> [Stored data]:
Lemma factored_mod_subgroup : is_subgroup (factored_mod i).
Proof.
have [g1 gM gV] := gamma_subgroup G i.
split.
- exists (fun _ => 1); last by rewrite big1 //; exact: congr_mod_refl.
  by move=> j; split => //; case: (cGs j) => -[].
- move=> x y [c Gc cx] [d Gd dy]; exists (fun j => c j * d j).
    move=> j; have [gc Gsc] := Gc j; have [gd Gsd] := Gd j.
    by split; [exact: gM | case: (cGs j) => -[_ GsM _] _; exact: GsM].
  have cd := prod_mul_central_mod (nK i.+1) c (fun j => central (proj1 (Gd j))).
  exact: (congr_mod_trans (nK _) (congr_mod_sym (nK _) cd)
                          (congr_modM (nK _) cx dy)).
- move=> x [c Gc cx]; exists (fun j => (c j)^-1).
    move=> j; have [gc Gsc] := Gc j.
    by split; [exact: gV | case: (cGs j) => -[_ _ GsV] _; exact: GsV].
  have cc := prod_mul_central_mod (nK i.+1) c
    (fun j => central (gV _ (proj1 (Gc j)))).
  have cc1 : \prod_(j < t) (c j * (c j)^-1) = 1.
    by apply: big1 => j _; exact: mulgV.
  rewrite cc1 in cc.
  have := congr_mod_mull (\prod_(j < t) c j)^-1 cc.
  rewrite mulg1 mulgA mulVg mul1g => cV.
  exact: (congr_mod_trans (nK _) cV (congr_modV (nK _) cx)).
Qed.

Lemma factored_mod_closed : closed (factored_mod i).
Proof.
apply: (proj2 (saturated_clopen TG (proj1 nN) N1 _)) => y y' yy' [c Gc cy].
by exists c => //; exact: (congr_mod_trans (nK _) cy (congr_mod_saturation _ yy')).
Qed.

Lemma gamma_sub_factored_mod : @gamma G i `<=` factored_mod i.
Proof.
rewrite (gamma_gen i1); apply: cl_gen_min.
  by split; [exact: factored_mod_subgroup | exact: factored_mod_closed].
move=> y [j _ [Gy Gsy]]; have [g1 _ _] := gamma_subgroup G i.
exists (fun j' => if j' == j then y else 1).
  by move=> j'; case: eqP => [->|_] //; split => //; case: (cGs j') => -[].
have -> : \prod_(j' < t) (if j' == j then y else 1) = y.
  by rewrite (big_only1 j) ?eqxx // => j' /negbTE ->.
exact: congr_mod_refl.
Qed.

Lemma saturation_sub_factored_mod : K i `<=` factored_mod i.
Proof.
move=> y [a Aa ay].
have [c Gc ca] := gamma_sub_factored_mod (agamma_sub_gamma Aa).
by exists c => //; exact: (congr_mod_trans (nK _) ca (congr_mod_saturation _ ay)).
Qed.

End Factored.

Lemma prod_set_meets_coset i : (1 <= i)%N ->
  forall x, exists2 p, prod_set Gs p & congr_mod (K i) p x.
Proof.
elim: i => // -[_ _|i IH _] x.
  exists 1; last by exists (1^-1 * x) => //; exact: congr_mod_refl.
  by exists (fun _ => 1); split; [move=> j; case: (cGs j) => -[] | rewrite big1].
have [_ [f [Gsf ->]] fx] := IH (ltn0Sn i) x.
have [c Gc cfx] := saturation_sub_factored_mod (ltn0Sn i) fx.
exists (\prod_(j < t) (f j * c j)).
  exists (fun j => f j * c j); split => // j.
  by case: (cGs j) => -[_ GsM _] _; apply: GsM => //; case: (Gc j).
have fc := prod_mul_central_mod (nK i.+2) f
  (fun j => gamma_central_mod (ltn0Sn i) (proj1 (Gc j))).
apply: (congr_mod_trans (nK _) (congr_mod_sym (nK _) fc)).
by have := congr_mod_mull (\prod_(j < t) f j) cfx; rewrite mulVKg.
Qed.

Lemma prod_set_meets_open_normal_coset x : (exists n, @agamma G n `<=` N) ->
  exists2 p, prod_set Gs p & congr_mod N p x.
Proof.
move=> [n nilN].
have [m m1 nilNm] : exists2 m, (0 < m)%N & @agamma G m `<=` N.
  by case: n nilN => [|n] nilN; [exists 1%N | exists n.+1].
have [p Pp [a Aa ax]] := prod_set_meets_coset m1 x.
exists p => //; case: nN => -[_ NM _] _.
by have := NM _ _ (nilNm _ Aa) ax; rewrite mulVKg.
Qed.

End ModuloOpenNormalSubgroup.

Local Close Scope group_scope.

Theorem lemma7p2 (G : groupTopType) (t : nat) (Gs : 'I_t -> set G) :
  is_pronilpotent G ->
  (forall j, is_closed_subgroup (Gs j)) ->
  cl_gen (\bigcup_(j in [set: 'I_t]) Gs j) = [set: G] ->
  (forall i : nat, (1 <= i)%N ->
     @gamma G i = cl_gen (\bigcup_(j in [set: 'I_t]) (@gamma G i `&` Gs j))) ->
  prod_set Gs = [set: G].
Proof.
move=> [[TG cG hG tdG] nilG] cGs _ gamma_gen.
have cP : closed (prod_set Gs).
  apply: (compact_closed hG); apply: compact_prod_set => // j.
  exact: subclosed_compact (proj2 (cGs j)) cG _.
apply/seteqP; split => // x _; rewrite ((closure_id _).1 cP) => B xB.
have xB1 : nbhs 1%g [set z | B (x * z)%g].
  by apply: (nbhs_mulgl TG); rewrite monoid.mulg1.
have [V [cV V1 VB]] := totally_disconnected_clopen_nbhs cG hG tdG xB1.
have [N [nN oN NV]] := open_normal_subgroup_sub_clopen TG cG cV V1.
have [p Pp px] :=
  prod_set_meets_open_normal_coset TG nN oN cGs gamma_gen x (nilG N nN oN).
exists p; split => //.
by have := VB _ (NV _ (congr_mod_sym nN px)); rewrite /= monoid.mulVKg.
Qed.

> [Work order]: Check each line of the data above for the word "else" and state how many lines contain it, with no other text.

> [Written solution]: 2